* Requirement
Look below for the line containing "(shearable_approximable (shearable_cst n"; from there through the line containing "apply/funext => x;", both lines included, please set down each line exactly and nothing else.
== Segment start ==
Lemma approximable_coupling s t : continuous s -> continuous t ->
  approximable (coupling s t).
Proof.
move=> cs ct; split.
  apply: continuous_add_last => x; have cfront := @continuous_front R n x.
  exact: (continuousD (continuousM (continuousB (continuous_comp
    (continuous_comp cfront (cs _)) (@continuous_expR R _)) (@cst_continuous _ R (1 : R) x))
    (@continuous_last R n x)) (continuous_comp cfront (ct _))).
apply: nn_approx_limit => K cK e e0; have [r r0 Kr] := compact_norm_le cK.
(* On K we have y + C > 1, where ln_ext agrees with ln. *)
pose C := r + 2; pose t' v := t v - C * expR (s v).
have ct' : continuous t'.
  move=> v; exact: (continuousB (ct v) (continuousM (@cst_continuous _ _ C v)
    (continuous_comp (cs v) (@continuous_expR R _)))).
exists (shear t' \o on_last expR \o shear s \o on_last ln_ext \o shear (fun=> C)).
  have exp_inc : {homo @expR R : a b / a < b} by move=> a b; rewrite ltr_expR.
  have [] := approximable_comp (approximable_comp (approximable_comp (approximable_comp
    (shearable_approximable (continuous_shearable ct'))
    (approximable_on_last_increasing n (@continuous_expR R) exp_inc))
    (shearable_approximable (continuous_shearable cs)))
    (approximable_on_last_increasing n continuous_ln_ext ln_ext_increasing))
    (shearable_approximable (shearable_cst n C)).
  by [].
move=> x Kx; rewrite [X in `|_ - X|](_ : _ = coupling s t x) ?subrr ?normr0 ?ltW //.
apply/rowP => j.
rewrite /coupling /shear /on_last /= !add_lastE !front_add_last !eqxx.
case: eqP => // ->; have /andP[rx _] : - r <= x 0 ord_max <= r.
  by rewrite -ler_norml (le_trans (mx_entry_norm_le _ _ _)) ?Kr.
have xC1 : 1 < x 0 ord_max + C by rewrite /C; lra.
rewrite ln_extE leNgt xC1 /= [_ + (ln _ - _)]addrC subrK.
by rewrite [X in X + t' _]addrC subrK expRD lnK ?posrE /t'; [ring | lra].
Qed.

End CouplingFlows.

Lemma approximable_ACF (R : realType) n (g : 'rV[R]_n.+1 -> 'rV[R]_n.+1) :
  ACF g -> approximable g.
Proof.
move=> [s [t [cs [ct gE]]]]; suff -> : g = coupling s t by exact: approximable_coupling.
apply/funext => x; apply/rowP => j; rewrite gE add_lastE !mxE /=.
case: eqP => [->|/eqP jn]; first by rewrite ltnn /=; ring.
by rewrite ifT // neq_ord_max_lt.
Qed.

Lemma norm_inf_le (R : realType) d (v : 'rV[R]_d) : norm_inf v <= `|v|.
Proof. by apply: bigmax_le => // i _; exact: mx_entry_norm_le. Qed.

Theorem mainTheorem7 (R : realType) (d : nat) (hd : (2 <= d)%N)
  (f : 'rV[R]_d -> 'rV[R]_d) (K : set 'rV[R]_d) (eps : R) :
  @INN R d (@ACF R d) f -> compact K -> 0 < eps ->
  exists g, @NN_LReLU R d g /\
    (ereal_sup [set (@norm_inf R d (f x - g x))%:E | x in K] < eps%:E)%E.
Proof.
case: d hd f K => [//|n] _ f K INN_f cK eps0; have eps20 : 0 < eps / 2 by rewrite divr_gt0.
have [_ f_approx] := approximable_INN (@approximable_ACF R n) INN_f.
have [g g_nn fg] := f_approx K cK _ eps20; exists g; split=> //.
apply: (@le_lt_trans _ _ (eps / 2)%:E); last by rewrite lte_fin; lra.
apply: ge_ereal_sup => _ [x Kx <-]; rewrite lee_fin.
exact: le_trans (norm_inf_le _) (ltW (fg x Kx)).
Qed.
== Segment end ==
* Written answer
    (shearable_approximable (shearable_cst n C)).
  by [].
move=> x Kx; rewrite [X in `|_ - X|](_ : _ = coupling s t x) ?subrr ?normr0 ?ltW //.
apply/rowP => j.
rewrite /coupling /shear /on_last /= !add_lastE !front_add_last !eqxx.
case: eqP => // ->; have /andP[rx _] : - r <= x 0 ord_max <= r.
  by rewrite -ler_norml (le_trans (mx_entry_norm_le _ _ _)) ?Kr.
have xC1 : 1 < x 0 ord_max + C by rewrite /C; lra.
rewrite ln_extE leNgt xC1 /= [_ + (ln _ - _)]addrC subrK.
by rewrite [X in X + t' _]addrC subrK expRD lnK ?posrE /t'; [ring | lra].
Qed.

End CouplingFlows.

Lemma approximable_ACF (R : realType) n (g : 'rV[R]_n.+1 -> 'rV[R]_n.+1) :
  ACF g -> approximable g.
Proof.
move=> [s [t [cs [ct gE]]]]; suff -> : g = coupling s t by exact: approximable_coupling.
apply/funext => x; apply/rowP => j; rewrite gE add_lastE !mxE /=.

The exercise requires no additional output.